* [Your task]:
Of the entries below, return only those lines from the line with "exact (filterlim_vnorm _ (fun" to the line with "1 (u + p) = Derive f u).", exactly, both included.

==== Supplied records

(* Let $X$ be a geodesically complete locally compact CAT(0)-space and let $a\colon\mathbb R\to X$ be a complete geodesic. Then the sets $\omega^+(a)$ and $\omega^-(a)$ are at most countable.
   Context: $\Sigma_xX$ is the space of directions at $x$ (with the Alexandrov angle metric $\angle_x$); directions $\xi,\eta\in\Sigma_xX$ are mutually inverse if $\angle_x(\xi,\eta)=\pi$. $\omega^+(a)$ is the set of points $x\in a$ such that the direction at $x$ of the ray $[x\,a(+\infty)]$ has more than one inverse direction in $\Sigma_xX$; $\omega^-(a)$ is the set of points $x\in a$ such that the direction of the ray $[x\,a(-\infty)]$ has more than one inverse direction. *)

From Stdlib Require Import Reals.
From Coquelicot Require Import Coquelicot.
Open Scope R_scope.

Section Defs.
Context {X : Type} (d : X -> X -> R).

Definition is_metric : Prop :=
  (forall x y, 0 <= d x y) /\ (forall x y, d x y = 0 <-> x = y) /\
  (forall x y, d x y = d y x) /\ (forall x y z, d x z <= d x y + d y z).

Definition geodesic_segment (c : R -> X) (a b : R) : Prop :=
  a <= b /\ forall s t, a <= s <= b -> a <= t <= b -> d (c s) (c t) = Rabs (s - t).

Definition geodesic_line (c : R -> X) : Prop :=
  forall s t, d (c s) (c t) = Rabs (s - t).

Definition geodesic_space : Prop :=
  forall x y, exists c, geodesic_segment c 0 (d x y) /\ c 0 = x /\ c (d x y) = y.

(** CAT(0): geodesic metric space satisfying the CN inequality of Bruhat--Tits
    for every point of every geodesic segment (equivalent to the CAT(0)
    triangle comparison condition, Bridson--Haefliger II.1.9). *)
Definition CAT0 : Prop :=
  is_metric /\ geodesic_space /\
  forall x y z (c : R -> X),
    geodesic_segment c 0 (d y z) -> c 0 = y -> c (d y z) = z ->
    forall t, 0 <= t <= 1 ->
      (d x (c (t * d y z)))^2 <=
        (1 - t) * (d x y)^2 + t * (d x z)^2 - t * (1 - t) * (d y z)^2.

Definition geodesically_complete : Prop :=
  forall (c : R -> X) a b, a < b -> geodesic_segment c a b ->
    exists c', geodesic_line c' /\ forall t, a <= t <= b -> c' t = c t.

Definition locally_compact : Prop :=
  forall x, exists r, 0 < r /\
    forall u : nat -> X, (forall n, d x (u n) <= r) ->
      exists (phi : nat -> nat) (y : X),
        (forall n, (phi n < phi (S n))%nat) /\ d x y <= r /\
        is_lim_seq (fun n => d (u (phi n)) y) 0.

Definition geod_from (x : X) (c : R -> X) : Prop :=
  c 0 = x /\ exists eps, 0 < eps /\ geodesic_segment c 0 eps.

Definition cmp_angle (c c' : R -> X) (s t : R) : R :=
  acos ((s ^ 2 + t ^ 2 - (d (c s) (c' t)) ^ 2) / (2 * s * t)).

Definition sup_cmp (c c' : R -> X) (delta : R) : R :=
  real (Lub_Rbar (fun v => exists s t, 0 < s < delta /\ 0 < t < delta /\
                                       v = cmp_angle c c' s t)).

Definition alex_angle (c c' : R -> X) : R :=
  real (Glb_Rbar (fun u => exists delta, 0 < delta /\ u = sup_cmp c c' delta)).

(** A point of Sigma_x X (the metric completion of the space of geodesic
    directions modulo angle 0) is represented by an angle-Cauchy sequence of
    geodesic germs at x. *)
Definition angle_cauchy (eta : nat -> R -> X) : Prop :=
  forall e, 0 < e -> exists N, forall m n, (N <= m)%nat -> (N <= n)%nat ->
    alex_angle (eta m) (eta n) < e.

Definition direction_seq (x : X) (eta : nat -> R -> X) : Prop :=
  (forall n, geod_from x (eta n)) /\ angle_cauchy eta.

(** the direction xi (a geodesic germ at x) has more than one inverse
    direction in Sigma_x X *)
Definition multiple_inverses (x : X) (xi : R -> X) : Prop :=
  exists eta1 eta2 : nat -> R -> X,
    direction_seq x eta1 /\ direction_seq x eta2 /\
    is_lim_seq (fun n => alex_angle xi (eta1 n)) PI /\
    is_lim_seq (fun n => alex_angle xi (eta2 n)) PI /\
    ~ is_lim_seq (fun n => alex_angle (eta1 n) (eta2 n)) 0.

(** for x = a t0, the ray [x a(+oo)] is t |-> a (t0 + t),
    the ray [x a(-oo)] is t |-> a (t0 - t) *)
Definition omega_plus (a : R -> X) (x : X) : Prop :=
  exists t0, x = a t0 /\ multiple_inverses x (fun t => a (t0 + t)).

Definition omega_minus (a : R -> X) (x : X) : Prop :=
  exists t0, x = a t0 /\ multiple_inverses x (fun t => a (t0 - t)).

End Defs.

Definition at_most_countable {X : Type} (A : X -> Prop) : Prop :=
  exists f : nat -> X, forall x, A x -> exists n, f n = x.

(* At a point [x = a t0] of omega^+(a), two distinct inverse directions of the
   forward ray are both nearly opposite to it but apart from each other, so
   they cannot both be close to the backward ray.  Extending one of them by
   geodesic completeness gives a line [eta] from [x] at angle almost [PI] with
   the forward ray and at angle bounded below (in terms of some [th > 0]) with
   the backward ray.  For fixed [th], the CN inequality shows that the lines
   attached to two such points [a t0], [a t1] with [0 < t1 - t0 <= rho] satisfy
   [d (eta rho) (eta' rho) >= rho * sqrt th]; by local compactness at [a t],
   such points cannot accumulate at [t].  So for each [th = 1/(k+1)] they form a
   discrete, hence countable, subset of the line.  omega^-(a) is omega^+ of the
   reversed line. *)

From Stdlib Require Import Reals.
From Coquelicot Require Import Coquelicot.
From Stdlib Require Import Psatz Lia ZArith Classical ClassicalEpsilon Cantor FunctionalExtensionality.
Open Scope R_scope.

========
==== Supplied records

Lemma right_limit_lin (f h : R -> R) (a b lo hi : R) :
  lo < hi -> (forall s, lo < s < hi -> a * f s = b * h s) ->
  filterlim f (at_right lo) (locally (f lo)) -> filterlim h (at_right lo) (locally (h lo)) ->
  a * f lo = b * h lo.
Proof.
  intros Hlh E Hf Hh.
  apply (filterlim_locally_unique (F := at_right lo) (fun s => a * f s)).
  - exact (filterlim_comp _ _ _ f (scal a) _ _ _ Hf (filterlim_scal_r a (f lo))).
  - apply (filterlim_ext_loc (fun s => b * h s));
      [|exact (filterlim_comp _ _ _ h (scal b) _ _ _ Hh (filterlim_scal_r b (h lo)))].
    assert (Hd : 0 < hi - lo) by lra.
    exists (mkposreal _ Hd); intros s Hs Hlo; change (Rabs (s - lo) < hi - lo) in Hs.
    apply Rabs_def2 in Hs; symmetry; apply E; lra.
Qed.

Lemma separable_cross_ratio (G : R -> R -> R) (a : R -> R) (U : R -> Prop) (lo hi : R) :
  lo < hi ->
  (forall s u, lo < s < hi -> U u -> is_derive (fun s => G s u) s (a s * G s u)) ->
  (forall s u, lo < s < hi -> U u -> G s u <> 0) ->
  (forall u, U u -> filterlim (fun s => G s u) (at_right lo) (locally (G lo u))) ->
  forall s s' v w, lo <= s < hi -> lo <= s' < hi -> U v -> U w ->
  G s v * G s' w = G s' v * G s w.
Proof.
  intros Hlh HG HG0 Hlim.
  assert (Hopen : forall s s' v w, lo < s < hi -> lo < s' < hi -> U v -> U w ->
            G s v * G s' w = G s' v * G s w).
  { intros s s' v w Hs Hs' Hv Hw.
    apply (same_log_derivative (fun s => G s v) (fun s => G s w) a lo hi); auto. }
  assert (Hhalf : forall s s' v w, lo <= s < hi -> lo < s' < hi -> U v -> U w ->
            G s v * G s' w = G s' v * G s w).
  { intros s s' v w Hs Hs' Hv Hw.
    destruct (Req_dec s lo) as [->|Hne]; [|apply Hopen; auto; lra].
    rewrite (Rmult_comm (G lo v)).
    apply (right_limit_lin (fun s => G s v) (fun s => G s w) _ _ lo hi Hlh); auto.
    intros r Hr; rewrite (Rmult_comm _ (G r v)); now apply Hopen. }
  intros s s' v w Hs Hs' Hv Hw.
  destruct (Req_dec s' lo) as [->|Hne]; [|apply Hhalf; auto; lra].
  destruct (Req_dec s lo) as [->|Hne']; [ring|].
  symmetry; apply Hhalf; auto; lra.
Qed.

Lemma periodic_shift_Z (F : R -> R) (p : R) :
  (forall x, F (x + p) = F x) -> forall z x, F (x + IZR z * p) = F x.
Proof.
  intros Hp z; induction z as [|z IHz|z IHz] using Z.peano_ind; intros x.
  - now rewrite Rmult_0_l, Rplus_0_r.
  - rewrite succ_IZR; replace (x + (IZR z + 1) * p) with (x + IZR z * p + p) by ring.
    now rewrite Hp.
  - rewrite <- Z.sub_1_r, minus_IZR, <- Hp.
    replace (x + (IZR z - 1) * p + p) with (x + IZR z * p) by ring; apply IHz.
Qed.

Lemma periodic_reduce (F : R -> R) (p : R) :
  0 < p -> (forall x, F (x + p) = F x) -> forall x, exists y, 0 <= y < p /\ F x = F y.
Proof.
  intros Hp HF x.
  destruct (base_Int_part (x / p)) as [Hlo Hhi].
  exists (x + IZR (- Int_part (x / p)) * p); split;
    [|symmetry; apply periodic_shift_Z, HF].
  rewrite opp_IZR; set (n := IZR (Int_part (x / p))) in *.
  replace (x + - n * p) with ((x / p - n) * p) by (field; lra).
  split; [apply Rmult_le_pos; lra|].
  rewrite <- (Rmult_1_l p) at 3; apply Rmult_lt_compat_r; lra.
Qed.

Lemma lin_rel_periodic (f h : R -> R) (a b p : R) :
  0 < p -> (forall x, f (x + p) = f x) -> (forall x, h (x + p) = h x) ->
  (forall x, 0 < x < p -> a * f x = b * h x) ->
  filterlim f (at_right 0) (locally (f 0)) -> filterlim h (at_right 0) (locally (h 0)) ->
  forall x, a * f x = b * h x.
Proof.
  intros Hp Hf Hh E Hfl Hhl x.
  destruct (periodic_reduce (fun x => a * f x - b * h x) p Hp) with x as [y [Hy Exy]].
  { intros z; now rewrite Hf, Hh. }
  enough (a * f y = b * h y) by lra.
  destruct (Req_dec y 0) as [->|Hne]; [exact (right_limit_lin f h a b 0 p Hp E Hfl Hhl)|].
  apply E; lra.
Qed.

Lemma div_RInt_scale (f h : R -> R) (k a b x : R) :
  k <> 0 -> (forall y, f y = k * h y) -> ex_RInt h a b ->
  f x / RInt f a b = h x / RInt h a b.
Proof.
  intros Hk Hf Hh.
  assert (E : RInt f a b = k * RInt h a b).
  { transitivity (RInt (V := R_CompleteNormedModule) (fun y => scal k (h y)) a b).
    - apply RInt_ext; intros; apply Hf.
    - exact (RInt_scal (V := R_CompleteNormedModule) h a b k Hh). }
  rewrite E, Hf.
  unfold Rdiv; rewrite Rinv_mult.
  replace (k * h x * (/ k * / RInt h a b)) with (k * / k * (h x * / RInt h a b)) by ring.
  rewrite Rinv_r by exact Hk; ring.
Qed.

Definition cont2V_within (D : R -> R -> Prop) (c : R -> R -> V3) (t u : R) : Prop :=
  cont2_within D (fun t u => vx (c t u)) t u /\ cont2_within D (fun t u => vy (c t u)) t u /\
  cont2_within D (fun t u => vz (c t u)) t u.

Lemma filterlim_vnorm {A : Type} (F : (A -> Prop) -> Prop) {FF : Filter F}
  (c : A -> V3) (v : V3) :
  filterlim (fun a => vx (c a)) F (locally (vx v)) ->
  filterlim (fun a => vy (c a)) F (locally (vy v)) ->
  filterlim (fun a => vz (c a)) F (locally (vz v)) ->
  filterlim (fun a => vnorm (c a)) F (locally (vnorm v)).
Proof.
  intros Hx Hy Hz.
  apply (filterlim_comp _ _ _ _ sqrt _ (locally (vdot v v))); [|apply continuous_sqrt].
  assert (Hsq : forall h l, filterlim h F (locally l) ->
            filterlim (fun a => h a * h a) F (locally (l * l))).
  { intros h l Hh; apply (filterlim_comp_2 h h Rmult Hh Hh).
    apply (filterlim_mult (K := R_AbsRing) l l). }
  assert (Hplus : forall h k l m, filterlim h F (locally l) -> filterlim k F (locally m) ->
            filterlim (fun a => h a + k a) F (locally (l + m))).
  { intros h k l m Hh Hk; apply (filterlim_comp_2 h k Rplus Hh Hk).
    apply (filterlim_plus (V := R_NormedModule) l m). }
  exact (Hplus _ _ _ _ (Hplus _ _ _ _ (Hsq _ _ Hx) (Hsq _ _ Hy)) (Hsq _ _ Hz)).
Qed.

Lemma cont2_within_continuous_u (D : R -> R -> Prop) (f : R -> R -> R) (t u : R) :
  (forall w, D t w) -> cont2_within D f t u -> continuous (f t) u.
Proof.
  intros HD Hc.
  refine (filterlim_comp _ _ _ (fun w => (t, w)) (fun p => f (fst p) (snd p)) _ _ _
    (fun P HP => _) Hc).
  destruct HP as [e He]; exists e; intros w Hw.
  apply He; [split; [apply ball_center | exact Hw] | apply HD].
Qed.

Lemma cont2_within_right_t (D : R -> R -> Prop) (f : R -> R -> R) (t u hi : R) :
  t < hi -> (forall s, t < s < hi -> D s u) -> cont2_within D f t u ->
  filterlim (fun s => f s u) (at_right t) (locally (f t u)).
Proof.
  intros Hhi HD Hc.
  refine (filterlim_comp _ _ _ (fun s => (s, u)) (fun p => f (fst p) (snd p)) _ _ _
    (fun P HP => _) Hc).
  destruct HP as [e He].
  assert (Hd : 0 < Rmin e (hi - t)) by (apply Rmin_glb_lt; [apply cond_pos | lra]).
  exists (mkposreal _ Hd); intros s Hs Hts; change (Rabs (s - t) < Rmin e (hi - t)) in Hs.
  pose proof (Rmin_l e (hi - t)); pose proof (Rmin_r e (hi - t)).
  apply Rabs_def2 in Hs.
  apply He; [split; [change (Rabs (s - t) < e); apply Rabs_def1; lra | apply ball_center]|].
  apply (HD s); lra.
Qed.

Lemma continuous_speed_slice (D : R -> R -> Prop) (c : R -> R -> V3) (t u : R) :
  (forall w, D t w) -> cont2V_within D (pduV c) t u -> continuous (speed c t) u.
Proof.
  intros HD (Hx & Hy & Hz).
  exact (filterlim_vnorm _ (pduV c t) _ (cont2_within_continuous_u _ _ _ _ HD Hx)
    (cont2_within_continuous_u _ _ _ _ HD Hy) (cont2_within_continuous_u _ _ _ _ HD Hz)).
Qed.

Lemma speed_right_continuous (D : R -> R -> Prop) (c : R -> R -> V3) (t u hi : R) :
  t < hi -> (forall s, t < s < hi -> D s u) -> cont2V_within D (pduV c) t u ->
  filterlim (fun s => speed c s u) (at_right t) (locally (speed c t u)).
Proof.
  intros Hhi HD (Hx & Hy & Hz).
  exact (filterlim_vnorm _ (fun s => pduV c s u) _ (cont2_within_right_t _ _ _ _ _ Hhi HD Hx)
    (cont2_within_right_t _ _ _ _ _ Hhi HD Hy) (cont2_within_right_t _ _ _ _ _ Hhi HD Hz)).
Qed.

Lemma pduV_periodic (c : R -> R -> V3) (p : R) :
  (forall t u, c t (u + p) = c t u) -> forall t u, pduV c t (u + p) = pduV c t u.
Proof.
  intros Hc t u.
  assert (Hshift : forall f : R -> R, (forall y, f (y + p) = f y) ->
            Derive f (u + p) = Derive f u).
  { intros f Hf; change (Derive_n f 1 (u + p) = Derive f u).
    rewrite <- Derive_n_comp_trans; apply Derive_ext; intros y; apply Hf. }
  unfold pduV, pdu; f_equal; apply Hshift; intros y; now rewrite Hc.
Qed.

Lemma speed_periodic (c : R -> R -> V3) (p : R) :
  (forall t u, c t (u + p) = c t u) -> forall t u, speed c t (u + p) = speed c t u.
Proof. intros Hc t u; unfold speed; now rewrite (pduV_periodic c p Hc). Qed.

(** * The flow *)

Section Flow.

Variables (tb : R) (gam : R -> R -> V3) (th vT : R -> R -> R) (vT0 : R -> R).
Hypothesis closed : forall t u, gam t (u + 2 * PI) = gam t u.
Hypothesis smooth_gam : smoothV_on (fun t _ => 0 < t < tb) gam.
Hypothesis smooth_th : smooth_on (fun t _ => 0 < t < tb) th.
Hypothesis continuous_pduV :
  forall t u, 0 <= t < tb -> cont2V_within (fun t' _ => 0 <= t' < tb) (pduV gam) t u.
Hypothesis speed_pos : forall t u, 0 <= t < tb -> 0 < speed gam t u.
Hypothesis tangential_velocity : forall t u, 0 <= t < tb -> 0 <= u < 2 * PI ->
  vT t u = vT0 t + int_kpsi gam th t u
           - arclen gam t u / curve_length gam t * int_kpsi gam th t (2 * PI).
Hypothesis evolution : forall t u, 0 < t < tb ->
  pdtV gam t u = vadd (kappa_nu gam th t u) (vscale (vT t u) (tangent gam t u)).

========

* [Exercise result]:
  exact (filterlim_vnorm _ (fun s => pduV c s u) _ (cont2_within_right_t _ _ _ _ _ Hhi HD Hx)
    (cont2_within_right_t _ _ _ _ _ Hhi HD Hy) (cont2_within_right_t _ _ _ _ _ Hhi HD Hz)).
Qed.

Lemma pduV_periodic (c : R -> R -> V3) (p : R) :
  (forall t u, c t (u + p) = c t u) -> forall t u, pduV c t (u + p) = pduV c t u.
Proof.
  intros Hc t u.
  assert (Hshift : forall f : R -> R, (forall y, f (y + p) = f y) ->
            Derive f (u + p) = Derive f u).
  { intros f Hf; change (Derive_n f 1 (u + p) = Derive f u).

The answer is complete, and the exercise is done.